(* Let $A$ be a finite set of atoms, and let $t,s$ be nominal terms of the same sort and $\nabla$ a freshness context, all based on $A$. If $\{X:t\triangleq s\};\emptyset;\emptyset;\varepsilon\Longrightarrow^{+}\emptyset;S;\Gamma;\sigma$ is a derivation of the algorithm $\mathfrak N$ (with parameters $A$ and $\nabla$, $X$ a fresh variable), then $\langle\Gamma,X\sigma\rangle$ is an $A$-based generalization of $\langle\nabla,t\rangle$ and $\langle\nabla,s\rangle$.
   Context: Nominal terms $t::=f(t_1,\dots,t_n)\mid a\mid a.t\mid \pi\cdot X$ over sorted atoms, variables and function symbols; $\pi$ is a permutation (finite sequence of swappings $(a\,b)$ of same-sorted atoms; $\mathit{Id}$ the empty one, $\pi^{-1}$ the reversed sequence); $\pi\bullet t$ is the swapping action ($(a\,b)$ exchanges $a,b$ everywhere, $(a\,b)\bullet(\pi\cdot X)=((a\,b)\pi)\cdot X$, sequences act right to left); a permutation denotes a bijection on atoms. $\mathrm{Atoms}(\cdot)$ is the set of atoms occurring. Substitutions map variables to terms of the same sort, application $t\sigma$ allows atom capture and $(\pi\cdot X)\sigma=\pi\bullet(X\sigma)$; $\sigma\vartheta$ is composition (first $\sigma$), $\varepsilon$ the identity. A freshness context is a finite set of constraints $a\# X$. Judgments: $\nabla\vdash a\approx a$; $\nabla\vdash a.t\approx a.t'$ if $\nabla\vdash t\approx t'$; $\nabla\vdash a.t\approx a'.t'$ if $a\neq a'$, $\nabla\vdash t\approx(a\,a')\bullet t'$ and $\nabla\vdash a\# t'$; $\nabla\vdash\pi\cdot X\approx\pi'\cdot X$ if $a\# X\in\nabla$ for all $a$ with $\pi\bullet a\neq\pi'\bullet a$; applications componentwise; $\nabla\vdash a\# a'$ if $a\ne a'$; $\nabla\vdash a\#\pi\cdot X$ if $\pi^{-1}\bullet a\# X\in\nabla$; $a\#$ distributes over applications; $\nabla\vdash a\# a.t$; $\nabla\vdash a\# a'.t$ if $a\ne a'$ and $\nabla\vdash a\# t$. ${\sf FC}(F)$ for a finite set $F$ of formulas $a\# t$: starting from $F;\emptyset$ apply as long as possible $\{a\# b\}\uplus F';\Delta\Rightarrow F';\Delta$ ($a\neq b$); $\{a\# a.t\}\uplus F';\Delta\Rightarrow F';\Delta$; $\{a\# b.t\}\uplus F';\Delta\Rightarrow\{a\# t\}\cup F';\Delta$ ($a\neq b$); $\{a\# f(t_1,..,t_n)\}\uplus F';\Delta\Rightarrow\{a\# t_1,..,a\# t_n\}\cup F';\Delta$; $\{a\#\pi\cdot X\}\uplus F';\Delta\Rightarrow F';\{\pi^{-1}\bullet a\# X\}\cup\Delta$; result $\Delta$ if the terminal state is $\emptyset;\Delta$, $\bot$ if it contains some $a\# a$. $\nabla\sigma:={\sf FC}(\{a\# X\sigma\mid a\# X\in\nabla\})$. $\sigma$ respects $\nabla$ if for each $X$ no $a$ with $a\# X\in\nabla$ occurs free in $X\sigma$ outside suspensions. A term-in-context is $\langle\nabla,t\rangle$; $\langle\nabla_1,t_1\rangle\preceq\langle\nabla_2,t_2\rangle$ iff some $\sigma$ respecting $\nabla_1$ has $\nabla_1\sigma\subseteq\nabla_2$ and $\nabla_2\vdash t_1\sigma\approx t_2$. A generalization of $p_1,p_2$ is $p$ with $p\preceq p_1$, $p\preceq p_2$. A term/freshness context is $A$-based if all its atoms lie in $A$; a term-in-context is $A$-based if both components are; an $A$-based generalization is a generalization that is $A$-based. Algorithm $\mathfrak N$ (parameters: finite atom set $A$, $A$-based freshness context $\nabla$). An AUT is $X:t\triangleq s$ ($X$ a generalization variable of the sort of $t,s$). States are $P;S;\Gamma;\sigma$ with $P,S$ sets of AUTs (each generalization variable occurring only once in $P\cup S$), $\Gamma$ a freshness context, $\sigma$ a substitution. Rules: Dec: $\{X:h(t_1,..,t_m)\triangleq h(s_1,..,s_m)\}\uplus P;S;\Gamma;\sigma\Rightarrow\{Y_1:t_1\triangleq s_1,..,Y_m:t_m\triangleq s_m\}\cup P;S;\Gamma;\sigma\{X\mapsto h(Y_1,..,Y_m)\}$, $h$ a function symbol or an atom ($m\ge0$), $Y_i$ fresh. Abs: $\{X:a.t\triangleq b.s\}\uplus P;S;\Gamma;\sigma\Rightarrow\{Y:(c\,a)\bullet t\triangleq(c\,b)\bullet s\}\cup P;S;\Gamma;\sigma\{X\mapsto c.Y\}$, $Y$ fresh, $c\in A$ with $\nabla\vdash c\# a.t$ and $\nabla\vdash c\# b.s$. Sol: $\{X:t\triangleq s\}\uplus P;S;\Gamma;\sigma\Rightarrow P;S\cup\{X:t\triangleq s\};\Gamma\cup\Gamma';\sigma$ where $\Gamma'=\{a\# X\mid a\in A,\nabla\vdash a\# t,\nabla\vdash a\# s\}$, applicable only when Dec and Abs do not apply to this AUT, i.e. (a) $t,s$ have distinct heads (head of $f(\dots)$ is $f$, of $a$ is $a$, of an abstraction is the abstraction symbol, of $\pi\cdot X$ is $X$), or (b) both are suspensions, or (c) both are abstractions $a.t',b.s'$ with no $c\in A$ satisfying $\nabla\vdash c\# a.t'$ and $\nabla\vdash c\# b.s'$. Mer: $P;\{X:t_1\triangleq s_1,Y:t_2\triangleq s_2\}\uplus S;\Gamma;\sigma\Rightarrow P;\{X:t_1\triangleq s_1\}\cup S;\Gamma\{Y\mapsto\pi\cdot X\};\sigma\{Y\mapsto\pi\cdot X\}$, where $\pi$ is an $\mathrm{Atoms}(t_1,s_1,t_2,s_2)$-based permutation with $\nabla\vdash\pi\bullet t_1\approx t_2$ and $\nabla\vdash\pi\bullet s_1\approx s_2$. *)

From Stdlib Require Import List Arith Permutation Relations.
Import ListNotations.
Set Implicit Arguments.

==============================

* TASK TO CARRY OUT:
Find the lines above that hold "Import", then copy each of them.

* TASK SOLUTION:
From Stdlib Require Import List Arith Permutation Relations.
Import ListNotations.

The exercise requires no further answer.